╭─ The records

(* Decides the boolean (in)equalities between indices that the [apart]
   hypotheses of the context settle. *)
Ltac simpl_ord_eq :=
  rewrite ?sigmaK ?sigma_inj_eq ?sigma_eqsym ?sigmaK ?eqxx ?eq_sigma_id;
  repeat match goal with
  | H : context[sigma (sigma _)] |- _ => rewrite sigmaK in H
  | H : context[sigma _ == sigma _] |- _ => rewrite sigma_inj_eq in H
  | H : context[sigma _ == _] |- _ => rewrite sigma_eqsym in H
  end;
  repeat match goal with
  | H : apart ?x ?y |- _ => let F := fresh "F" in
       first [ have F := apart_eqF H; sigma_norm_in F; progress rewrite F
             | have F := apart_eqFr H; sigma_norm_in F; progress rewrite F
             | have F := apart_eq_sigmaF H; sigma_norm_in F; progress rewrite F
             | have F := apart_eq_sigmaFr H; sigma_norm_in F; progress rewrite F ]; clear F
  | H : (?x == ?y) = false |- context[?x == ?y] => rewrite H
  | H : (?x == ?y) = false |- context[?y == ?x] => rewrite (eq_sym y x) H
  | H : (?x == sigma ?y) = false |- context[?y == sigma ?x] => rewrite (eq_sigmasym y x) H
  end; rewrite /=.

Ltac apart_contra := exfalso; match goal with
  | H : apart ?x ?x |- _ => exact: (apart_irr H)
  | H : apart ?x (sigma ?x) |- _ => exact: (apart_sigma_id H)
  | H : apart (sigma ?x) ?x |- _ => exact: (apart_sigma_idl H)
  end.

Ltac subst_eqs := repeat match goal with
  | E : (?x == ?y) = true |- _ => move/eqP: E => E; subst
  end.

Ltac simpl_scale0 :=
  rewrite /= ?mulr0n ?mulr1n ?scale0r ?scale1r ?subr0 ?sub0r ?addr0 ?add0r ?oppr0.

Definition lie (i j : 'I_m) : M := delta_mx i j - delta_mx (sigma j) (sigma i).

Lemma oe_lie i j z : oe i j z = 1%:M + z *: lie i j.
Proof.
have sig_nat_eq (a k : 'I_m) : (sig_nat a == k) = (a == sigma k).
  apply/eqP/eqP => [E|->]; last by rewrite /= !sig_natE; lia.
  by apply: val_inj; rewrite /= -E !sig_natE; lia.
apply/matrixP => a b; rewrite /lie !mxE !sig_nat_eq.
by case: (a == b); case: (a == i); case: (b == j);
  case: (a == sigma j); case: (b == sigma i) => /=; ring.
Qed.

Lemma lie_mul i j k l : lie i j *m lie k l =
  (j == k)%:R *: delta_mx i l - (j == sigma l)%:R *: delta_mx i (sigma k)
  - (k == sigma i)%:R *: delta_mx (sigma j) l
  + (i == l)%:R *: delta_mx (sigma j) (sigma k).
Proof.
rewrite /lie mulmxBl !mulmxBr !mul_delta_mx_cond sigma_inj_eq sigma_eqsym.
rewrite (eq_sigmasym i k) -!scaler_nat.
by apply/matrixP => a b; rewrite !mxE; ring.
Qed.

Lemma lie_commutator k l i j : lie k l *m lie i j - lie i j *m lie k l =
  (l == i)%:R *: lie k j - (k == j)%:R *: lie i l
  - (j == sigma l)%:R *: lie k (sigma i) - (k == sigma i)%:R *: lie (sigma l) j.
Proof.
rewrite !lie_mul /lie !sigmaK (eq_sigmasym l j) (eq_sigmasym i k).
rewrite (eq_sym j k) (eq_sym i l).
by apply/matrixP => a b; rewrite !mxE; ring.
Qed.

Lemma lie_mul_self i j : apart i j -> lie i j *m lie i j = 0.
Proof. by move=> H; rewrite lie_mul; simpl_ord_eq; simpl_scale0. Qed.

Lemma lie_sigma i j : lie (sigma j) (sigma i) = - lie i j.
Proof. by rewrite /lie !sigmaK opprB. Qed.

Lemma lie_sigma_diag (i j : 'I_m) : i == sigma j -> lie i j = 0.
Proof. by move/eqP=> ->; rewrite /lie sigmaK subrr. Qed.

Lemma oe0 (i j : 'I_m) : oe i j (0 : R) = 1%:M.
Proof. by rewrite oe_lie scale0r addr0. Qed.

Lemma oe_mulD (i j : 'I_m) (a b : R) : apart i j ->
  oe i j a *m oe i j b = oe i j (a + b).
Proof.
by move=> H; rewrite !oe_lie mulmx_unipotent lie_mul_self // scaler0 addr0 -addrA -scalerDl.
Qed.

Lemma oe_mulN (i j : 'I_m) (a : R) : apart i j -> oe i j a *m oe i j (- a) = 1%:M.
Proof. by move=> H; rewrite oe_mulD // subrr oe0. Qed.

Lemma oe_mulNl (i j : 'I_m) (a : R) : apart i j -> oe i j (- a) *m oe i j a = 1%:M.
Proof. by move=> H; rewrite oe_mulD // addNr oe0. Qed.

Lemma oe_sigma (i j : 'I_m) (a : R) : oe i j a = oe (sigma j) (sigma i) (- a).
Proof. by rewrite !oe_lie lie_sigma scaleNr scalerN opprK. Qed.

╰─
╭─ The records

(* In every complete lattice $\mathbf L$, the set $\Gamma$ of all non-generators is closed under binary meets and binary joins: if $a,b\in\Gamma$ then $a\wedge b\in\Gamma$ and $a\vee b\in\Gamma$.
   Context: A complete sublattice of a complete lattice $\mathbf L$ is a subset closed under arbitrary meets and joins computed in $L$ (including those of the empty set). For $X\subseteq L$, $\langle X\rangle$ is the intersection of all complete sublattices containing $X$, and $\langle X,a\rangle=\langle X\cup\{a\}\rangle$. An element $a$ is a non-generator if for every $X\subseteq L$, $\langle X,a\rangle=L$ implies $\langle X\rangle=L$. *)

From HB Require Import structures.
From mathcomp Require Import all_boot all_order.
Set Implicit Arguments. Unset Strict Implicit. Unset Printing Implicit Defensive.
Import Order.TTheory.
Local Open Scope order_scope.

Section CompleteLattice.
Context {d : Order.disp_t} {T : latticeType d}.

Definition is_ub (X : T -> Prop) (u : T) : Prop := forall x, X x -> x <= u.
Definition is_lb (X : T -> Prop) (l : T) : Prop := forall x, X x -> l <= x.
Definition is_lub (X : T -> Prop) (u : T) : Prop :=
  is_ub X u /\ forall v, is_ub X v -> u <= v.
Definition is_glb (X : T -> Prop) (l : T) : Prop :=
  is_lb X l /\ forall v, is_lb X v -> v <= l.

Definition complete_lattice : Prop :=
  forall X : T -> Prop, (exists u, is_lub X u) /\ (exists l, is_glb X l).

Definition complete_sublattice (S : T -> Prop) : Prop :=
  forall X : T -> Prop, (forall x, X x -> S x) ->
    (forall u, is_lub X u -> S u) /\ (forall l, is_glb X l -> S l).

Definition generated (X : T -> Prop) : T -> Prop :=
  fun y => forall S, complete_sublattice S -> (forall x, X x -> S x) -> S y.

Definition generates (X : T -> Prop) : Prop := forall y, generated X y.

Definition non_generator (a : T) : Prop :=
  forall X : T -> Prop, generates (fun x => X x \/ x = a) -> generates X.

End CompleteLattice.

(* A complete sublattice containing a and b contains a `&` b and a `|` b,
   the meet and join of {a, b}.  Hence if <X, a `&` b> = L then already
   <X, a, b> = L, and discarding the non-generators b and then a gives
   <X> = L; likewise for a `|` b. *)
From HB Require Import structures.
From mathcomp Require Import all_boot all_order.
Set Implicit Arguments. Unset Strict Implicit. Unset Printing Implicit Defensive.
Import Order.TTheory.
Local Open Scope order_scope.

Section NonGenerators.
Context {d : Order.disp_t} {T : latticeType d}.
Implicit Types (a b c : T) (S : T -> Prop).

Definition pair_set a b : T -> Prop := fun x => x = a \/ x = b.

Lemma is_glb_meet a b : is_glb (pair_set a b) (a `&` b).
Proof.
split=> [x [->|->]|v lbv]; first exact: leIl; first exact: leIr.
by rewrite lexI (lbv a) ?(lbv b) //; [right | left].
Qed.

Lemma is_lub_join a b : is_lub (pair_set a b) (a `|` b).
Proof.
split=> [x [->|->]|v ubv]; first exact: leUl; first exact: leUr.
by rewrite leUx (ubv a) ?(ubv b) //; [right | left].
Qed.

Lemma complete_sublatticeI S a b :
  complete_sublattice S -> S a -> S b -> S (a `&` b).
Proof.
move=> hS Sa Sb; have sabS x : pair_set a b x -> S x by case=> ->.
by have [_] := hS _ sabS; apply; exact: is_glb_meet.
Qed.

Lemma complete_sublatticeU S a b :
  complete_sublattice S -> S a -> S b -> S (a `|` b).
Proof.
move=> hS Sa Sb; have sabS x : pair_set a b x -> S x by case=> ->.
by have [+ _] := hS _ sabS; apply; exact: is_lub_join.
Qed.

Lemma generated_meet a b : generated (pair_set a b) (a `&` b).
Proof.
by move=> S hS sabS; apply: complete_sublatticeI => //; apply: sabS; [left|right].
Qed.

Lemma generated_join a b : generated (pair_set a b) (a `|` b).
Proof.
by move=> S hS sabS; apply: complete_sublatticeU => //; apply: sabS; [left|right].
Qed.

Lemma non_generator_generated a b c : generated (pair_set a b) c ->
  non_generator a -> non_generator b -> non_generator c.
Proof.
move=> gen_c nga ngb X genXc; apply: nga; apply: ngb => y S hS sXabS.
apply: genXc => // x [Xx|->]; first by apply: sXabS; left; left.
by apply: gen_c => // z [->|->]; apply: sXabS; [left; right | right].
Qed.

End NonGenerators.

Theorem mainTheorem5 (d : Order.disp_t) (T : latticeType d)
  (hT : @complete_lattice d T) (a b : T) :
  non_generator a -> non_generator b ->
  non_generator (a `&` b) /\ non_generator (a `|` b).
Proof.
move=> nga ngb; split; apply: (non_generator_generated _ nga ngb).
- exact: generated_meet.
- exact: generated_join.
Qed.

╰─
╭─ The records

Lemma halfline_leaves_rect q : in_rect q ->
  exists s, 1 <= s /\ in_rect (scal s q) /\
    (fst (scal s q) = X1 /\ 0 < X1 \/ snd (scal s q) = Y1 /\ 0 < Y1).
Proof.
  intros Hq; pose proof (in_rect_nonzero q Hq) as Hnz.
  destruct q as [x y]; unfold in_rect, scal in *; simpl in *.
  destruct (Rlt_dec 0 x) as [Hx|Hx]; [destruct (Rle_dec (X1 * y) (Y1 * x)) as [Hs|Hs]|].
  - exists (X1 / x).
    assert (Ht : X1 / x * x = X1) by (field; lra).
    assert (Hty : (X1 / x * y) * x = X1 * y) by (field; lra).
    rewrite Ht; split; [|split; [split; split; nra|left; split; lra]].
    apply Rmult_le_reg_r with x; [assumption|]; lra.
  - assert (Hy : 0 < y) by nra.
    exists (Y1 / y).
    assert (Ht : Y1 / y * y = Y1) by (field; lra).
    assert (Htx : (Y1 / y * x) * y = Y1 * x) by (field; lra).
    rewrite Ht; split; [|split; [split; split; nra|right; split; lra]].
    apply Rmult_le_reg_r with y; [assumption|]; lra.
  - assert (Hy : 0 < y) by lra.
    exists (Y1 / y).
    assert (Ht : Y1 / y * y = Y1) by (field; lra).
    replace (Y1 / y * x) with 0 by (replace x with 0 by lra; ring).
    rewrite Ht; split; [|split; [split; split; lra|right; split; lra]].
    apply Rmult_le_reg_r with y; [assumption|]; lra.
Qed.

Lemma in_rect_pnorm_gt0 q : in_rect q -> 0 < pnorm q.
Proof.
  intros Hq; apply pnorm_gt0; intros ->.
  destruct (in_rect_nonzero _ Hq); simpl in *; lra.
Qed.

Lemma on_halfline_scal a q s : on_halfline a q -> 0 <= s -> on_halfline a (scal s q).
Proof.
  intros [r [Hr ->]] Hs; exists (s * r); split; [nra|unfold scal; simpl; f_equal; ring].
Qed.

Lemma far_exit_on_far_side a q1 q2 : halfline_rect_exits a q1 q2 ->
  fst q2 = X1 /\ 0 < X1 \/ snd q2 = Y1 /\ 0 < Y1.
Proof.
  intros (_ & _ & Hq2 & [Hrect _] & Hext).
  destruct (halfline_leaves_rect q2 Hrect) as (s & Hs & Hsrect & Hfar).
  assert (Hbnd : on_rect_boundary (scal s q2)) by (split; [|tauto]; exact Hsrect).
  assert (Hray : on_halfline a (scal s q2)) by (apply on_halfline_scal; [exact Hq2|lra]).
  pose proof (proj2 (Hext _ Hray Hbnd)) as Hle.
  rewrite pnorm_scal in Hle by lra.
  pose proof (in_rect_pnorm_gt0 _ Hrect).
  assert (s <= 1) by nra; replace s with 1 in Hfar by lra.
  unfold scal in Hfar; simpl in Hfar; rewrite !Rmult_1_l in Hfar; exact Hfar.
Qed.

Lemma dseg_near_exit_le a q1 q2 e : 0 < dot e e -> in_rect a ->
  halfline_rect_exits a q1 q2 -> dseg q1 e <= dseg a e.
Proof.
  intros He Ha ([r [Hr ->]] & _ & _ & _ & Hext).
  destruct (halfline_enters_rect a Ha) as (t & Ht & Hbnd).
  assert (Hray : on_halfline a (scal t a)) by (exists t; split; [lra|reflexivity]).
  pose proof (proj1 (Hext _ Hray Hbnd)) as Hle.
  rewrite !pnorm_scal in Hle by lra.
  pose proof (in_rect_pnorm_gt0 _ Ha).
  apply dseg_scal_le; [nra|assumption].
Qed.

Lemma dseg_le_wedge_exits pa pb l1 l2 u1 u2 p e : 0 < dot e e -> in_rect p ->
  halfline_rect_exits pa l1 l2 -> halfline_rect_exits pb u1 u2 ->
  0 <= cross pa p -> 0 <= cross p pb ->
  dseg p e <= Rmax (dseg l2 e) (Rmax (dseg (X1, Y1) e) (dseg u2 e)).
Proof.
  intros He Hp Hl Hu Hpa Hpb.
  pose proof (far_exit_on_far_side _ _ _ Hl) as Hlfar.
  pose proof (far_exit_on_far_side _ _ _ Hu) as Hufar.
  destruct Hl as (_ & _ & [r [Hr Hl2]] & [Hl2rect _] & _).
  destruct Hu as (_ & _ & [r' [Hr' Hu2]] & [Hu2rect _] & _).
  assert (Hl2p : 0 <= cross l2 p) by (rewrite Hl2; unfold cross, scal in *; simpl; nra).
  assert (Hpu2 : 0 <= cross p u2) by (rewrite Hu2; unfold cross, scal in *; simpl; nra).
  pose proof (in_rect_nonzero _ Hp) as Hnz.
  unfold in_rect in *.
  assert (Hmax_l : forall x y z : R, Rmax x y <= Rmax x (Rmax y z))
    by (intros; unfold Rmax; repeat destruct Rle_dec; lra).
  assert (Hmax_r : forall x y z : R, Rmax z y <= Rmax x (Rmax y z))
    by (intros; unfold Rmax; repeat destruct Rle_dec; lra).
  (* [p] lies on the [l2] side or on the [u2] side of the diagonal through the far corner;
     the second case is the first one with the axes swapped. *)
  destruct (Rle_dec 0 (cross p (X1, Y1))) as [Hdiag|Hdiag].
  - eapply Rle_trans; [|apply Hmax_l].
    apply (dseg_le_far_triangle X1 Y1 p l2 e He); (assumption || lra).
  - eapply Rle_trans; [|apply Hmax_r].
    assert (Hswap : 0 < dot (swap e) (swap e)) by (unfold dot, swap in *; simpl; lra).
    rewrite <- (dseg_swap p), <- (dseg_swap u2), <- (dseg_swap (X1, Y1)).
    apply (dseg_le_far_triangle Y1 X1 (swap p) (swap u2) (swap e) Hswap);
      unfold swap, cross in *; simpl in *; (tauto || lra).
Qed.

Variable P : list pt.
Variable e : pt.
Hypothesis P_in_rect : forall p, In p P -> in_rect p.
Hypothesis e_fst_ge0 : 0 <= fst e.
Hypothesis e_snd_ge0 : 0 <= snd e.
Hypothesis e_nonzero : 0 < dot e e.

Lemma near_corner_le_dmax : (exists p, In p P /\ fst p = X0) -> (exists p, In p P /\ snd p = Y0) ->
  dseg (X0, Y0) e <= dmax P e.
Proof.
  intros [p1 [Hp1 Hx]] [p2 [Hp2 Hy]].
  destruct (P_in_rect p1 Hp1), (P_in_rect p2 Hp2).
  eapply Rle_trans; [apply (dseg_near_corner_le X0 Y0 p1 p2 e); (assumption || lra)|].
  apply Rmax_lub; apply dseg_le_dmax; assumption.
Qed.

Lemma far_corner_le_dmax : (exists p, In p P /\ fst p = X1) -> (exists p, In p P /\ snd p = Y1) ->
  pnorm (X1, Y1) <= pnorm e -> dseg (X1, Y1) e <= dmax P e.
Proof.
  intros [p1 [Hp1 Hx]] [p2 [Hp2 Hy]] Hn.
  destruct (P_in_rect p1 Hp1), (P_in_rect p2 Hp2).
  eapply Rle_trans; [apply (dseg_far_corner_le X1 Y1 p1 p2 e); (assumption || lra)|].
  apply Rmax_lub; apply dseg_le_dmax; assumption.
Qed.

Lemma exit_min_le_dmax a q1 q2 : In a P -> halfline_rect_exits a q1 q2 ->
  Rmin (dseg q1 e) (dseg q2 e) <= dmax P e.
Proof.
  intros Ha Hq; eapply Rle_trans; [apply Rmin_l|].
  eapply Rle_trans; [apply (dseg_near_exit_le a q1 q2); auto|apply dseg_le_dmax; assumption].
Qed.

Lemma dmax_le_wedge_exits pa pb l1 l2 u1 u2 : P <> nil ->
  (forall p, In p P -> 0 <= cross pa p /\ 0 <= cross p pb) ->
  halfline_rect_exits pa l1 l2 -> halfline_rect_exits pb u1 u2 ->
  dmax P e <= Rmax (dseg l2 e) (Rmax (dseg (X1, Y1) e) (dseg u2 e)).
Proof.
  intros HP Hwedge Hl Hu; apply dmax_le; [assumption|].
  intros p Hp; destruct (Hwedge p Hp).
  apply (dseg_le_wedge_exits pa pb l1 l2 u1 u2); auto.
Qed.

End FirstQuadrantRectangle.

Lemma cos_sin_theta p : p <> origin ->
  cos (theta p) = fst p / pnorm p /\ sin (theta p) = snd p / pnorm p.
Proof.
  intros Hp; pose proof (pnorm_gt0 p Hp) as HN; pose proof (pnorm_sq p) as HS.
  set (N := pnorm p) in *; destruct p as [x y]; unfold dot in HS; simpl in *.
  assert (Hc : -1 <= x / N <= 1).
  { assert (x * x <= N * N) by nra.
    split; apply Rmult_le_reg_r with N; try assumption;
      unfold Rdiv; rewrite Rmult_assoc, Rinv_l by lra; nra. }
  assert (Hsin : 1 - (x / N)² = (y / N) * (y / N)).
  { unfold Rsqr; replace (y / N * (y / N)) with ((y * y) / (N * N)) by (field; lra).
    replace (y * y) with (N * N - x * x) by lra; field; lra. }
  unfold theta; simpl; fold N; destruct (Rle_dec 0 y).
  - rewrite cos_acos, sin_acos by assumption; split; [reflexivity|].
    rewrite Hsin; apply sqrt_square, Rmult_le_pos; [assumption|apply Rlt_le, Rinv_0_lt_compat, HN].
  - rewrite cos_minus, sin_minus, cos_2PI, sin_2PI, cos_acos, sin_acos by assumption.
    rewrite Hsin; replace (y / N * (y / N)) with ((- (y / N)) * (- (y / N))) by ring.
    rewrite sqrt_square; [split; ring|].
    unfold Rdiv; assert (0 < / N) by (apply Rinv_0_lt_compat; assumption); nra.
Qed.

╰─

*Task details*. Within the data above, determine the number of lines that contain the word "field"; write only that number.

*Solution to this task*. 7